--- Your task ---
In the listing that follows, the range to quote begins at the line that has "Lemma lin0 : T 0 = 0." and ends after the line that has "Lemma linear_comp (T1"; quote it verbatim and add nothing.

--- Supplied records ---
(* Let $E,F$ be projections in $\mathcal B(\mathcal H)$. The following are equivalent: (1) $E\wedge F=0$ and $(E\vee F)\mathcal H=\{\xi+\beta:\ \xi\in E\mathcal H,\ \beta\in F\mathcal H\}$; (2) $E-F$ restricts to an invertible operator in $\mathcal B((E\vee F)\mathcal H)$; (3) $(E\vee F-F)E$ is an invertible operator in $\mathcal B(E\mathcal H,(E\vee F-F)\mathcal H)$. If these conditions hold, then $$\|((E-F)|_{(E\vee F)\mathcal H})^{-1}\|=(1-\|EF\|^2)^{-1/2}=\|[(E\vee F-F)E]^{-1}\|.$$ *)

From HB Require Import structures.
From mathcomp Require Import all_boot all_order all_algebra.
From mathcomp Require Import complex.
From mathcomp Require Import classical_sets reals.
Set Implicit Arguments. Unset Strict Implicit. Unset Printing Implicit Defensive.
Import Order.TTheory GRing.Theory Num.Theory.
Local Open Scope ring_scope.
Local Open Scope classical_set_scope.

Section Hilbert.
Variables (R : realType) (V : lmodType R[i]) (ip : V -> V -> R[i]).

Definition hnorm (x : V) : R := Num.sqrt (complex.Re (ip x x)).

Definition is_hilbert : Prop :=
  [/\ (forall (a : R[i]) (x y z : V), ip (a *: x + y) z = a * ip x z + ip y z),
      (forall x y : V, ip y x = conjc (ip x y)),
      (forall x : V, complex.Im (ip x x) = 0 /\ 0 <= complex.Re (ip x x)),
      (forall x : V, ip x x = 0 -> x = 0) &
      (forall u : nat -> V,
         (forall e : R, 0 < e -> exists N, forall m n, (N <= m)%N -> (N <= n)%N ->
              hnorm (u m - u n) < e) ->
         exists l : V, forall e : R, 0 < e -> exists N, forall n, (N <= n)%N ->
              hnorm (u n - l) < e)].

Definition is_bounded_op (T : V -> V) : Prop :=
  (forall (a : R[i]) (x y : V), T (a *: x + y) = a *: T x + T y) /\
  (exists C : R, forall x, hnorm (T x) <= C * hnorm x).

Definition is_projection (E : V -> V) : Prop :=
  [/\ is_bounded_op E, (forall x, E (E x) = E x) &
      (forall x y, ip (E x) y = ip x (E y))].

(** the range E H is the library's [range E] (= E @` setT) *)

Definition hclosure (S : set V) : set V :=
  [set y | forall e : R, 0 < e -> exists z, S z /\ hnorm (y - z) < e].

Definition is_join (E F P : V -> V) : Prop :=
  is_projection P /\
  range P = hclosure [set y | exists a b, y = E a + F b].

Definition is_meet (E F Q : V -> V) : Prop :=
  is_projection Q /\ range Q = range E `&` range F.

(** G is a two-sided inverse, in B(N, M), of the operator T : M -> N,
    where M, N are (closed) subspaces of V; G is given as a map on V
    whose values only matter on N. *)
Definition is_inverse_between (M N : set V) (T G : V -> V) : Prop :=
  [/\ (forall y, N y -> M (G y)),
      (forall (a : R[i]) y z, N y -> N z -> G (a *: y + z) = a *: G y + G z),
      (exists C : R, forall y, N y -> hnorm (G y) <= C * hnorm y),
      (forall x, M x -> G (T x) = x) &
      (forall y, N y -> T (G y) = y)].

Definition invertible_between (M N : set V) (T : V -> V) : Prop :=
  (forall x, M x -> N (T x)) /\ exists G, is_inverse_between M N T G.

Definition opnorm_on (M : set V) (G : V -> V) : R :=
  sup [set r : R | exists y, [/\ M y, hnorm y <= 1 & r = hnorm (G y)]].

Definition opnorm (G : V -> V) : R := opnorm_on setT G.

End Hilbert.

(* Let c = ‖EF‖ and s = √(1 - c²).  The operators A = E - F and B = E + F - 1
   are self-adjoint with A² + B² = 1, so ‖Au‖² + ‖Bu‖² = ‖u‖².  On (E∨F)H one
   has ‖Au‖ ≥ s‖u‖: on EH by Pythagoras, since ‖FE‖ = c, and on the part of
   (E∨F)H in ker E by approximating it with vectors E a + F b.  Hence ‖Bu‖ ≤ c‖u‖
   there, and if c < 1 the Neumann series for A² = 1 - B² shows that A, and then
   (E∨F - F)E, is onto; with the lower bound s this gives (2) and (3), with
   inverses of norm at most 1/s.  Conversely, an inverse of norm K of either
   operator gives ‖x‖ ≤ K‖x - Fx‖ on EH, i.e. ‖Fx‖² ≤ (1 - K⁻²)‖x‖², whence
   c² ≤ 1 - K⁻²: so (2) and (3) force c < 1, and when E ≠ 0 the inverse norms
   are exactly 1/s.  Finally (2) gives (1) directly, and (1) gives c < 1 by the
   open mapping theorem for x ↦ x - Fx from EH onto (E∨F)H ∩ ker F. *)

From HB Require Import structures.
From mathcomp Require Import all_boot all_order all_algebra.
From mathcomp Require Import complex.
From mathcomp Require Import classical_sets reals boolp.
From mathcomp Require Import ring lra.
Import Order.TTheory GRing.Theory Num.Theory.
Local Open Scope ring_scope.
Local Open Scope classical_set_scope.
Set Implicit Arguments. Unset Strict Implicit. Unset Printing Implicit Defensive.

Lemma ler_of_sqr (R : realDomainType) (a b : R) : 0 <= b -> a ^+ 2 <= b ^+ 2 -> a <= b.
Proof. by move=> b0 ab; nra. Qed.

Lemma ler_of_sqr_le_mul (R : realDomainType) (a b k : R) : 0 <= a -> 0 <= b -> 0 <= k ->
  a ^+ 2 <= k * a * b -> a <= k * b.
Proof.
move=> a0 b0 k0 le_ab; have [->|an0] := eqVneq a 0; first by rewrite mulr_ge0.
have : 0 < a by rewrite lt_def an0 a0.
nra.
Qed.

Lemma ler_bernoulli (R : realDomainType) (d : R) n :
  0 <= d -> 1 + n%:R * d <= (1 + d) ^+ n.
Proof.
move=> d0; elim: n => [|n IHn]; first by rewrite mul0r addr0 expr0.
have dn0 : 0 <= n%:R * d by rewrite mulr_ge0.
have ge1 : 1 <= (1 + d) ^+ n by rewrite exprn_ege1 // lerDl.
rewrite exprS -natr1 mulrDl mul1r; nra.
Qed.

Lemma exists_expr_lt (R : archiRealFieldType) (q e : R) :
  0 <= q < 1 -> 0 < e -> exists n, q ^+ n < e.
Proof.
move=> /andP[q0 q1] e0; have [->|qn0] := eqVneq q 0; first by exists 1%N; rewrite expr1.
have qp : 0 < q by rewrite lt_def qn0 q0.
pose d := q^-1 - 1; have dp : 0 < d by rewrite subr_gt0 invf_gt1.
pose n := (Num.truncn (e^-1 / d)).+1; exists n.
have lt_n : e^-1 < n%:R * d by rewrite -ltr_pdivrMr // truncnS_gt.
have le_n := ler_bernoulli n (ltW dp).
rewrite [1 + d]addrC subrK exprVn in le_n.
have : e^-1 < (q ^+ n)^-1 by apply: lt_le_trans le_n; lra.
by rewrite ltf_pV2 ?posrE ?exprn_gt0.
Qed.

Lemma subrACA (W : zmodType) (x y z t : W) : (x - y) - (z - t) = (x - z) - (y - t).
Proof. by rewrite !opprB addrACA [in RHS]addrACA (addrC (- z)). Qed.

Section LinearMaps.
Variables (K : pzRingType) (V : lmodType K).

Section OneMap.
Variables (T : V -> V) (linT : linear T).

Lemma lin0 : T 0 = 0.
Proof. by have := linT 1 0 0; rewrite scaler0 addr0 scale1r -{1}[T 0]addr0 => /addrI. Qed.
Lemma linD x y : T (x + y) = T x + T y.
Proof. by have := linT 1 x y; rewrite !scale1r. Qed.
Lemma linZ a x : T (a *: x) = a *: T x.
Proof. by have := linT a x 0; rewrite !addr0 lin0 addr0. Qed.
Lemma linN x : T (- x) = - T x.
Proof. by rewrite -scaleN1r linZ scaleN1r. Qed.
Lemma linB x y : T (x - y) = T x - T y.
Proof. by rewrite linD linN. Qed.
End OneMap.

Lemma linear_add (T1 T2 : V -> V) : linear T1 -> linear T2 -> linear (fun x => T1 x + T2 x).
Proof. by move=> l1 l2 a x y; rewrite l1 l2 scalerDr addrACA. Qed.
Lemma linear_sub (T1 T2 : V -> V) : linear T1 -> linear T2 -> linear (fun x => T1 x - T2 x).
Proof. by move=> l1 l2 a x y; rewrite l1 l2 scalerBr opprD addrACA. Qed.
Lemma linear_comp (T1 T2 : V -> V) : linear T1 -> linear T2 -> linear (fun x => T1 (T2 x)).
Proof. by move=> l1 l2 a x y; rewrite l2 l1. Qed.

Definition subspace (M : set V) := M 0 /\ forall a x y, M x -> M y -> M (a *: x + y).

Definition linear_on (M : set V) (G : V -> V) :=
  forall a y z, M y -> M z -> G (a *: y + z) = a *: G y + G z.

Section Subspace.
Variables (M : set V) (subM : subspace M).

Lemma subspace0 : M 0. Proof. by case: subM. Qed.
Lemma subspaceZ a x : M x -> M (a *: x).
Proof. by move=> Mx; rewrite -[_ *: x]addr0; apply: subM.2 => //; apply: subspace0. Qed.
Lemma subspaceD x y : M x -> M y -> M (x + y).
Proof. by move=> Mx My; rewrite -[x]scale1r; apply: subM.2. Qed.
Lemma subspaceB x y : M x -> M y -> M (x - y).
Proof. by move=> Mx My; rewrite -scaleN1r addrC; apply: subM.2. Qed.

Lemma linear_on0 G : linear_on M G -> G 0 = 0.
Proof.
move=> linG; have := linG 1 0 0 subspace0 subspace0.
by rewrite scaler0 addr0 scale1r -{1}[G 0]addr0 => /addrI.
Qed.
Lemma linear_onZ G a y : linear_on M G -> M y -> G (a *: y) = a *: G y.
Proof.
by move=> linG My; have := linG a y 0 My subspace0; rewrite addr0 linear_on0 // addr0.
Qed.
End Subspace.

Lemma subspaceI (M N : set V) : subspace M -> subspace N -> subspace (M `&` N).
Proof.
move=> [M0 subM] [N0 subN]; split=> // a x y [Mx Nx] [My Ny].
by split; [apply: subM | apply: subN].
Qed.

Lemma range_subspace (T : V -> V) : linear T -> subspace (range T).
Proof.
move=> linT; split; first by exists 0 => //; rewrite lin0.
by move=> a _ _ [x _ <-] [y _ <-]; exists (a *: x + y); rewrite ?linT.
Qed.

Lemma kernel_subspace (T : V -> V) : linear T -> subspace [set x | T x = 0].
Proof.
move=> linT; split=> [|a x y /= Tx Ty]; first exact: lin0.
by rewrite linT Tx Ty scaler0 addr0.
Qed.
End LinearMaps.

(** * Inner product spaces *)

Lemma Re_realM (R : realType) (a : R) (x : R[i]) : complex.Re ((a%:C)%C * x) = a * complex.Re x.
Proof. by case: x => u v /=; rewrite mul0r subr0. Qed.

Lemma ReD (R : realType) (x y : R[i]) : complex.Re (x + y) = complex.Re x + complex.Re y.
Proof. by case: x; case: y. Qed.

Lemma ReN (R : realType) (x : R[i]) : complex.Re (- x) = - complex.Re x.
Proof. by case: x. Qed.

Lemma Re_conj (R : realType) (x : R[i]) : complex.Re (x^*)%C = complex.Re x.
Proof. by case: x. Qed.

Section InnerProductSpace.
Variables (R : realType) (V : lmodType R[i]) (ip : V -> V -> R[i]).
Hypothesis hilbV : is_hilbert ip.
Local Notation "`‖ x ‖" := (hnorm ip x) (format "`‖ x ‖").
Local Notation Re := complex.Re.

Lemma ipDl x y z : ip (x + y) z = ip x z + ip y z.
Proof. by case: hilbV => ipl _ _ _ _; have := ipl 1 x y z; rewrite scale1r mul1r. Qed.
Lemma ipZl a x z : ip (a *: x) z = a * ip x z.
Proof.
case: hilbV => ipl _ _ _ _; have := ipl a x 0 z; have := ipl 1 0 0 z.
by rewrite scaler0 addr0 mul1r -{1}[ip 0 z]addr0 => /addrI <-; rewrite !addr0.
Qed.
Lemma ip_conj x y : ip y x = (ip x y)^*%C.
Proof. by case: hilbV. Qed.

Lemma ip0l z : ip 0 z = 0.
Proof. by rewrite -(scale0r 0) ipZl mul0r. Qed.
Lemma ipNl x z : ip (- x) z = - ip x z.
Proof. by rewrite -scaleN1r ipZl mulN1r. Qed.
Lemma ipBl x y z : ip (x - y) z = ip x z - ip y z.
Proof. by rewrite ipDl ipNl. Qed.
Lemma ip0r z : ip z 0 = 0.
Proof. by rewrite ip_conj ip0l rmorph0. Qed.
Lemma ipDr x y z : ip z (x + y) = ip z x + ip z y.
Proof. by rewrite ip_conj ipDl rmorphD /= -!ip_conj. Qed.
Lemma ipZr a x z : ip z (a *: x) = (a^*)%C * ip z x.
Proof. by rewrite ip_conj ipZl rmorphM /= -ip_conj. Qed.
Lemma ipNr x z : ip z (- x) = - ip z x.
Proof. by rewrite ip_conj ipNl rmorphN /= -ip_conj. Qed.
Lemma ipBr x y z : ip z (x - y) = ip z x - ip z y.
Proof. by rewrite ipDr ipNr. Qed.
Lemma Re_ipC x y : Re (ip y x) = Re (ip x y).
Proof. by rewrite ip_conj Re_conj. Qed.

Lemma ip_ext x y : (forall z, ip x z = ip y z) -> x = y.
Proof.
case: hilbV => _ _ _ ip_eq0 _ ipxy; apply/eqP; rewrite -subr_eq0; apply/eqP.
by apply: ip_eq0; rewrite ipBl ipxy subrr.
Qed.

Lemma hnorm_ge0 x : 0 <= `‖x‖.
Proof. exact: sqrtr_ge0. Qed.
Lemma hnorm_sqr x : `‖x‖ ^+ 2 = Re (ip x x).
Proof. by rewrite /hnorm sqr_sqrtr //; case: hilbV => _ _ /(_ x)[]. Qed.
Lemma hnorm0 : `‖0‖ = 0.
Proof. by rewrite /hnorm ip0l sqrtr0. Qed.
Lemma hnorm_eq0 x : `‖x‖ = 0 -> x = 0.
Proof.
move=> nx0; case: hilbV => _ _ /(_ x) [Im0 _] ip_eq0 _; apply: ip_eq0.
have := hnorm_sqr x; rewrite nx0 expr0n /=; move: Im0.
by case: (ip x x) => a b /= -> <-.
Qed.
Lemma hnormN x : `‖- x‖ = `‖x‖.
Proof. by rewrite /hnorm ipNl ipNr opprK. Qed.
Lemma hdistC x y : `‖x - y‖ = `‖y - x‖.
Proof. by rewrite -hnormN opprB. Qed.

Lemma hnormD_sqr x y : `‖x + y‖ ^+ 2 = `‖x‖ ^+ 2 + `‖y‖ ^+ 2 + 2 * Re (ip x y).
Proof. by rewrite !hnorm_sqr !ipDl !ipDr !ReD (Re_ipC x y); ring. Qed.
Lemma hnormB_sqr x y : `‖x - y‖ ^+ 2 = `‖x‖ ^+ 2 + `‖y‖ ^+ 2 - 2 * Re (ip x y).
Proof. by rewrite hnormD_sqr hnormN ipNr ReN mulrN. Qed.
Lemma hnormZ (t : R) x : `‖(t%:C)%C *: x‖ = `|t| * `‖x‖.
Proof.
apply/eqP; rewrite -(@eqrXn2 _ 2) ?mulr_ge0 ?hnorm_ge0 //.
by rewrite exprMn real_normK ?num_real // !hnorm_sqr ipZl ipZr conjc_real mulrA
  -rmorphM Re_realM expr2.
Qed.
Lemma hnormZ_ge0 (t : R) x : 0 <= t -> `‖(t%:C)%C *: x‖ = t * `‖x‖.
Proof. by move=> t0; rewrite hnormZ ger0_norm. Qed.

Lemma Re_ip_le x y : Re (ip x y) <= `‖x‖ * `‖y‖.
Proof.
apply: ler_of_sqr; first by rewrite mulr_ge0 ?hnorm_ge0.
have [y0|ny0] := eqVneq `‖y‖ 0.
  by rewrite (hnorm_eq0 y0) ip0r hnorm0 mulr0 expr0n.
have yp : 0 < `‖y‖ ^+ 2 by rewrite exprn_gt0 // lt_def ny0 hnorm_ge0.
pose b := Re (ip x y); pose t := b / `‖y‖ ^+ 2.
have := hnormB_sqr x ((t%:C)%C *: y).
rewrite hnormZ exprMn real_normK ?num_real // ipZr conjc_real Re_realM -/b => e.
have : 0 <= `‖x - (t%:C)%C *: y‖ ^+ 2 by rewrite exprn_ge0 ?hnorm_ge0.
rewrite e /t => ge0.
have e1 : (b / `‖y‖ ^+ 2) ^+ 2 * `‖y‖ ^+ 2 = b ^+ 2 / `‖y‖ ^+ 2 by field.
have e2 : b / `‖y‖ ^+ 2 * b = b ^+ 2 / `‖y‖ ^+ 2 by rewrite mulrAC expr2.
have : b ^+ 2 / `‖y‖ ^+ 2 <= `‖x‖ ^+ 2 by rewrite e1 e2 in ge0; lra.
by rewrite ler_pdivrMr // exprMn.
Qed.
==
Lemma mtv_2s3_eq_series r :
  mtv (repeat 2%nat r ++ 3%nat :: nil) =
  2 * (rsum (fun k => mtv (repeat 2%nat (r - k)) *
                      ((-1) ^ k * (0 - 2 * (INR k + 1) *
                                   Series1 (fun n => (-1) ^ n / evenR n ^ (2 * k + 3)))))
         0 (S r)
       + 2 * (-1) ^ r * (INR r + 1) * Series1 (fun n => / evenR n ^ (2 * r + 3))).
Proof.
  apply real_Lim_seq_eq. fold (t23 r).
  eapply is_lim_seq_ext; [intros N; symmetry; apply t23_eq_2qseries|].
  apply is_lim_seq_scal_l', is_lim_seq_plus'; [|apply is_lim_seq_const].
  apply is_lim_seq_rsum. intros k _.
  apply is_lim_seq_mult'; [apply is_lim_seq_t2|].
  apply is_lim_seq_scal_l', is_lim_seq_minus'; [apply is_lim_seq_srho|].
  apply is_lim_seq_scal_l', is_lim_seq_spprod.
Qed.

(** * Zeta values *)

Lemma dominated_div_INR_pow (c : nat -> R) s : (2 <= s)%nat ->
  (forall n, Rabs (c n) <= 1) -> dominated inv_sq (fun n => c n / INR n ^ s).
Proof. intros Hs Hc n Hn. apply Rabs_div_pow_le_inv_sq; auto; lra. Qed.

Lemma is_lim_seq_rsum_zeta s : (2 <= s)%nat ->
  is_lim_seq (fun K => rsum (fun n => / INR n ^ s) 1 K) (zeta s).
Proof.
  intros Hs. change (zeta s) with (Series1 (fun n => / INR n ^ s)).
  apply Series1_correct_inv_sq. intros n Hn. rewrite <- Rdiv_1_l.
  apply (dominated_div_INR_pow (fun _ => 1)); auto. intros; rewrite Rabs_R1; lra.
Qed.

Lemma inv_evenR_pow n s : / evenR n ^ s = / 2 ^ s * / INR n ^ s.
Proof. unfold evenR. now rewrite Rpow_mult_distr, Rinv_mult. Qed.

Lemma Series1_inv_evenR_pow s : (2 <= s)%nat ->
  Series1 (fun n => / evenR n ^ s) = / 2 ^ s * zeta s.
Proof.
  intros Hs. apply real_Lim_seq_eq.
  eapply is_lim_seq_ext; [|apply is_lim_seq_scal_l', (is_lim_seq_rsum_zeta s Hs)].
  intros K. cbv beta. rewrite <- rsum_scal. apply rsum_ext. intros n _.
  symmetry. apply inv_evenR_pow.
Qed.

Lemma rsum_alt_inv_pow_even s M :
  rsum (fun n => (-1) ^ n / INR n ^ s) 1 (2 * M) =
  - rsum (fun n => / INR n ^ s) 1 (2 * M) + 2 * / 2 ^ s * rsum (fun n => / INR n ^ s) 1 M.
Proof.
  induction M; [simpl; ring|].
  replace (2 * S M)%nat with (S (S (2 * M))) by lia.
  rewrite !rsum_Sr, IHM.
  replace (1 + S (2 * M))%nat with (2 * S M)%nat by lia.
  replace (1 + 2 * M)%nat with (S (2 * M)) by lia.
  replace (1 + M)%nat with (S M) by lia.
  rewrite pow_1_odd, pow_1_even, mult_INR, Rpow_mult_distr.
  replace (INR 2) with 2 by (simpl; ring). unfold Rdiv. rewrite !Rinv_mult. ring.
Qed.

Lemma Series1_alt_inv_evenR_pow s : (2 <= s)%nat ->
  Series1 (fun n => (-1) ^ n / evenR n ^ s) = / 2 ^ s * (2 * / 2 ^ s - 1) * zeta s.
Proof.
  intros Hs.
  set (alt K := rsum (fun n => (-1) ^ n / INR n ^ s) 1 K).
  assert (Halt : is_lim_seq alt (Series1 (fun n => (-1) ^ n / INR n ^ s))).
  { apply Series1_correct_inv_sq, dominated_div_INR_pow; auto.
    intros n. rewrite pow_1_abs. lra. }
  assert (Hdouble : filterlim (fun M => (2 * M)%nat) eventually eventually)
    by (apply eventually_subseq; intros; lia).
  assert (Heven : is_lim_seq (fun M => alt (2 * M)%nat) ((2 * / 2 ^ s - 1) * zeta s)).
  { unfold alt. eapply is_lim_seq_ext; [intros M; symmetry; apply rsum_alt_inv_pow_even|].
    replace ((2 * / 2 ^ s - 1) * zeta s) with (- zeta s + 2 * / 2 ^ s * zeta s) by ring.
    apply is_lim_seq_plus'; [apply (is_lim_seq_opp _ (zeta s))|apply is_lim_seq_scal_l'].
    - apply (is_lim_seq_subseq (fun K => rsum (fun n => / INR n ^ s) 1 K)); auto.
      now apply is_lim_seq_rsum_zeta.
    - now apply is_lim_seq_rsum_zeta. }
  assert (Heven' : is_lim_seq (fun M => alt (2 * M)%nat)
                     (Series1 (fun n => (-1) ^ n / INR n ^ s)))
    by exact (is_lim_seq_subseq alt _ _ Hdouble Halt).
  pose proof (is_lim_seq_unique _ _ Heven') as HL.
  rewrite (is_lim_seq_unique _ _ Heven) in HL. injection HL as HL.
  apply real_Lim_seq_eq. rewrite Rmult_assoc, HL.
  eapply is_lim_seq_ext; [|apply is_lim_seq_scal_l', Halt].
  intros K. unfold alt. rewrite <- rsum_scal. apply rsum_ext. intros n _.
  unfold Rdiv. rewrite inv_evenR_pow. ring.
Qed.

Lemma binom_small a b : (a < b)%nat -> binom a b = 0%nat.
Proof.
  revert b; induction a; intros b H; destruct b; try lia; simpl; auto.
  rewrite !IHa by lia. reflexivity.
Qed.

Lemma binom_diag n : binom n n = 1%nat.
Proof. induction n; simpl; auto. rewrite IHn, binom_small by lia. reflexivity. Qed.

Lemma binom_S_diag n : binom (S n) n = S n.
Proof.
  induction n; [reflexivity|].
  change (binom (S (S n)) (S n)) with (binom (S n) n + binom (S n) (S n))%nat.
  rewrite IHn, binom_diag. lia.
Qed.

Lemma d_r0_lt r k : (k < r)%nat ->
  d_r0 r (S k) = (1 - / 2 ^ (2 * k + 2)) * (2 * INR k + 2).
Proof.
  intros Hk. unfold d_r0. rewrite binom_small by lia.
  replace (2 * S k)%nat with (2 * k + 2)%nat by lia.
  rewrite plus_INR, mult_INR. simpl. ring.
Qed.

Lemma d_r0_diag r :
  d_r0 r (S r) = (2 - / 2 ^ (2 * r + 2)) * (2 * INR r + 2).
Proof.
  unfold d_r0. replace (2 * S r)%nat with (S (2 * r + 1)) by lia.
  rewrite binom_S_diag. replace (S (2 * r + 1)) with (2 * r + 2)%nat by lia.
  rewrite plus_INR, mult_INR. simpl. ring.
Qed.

--- Response area ---
Lemma lin0 : T 0 = 0.
Proof. by have := linT 1 0 0; rewrite scaler0 addr0 scale1r -{1}[T 0]addr0 => /addrI. Qed.
Lemma linD x y : T (x + y) = T x + T y.
Proof. by have := linT 1 x y; rewrite !scale1r. Qed.
Lemma linZ a x : T (a *: x) = a *: T x.
Proof. by have := linT a x 0; rewrite !addr0 lin0 addr0. Qed.
Lemma linN x : T (- x) = - T x.
Proof. by rewrite -scaleN1r linZ scaleN1r. Qed.
Lemma linB x y : T (x - y) = T x - T y.
Proof. by rewrite linD linN. Qed.
End OneMap.

Lemma linear_add (T1 T2 : V -> V) : linear T1 -> linear T2 -> linear (fun x => T1 x + T2 x).
Proof. by move=> l1 l2 a x y; rewrite l1 l2 scalerDr addrACA. Qed.
Lemma linear_sub (T1 T2 : V -> V) : linear T1 -> linear T2 -> linear (fun x => T1 x - T2 x).
Proof. by move=> l1 l2 a x y; rewrite l1 l2 scalerBr opprD addrACA. Qed.
Lemma linear_comp (T1 T2 : V -> V) : linear T1 -> linear T2 -> linear (fun x => T1 (T2 x)).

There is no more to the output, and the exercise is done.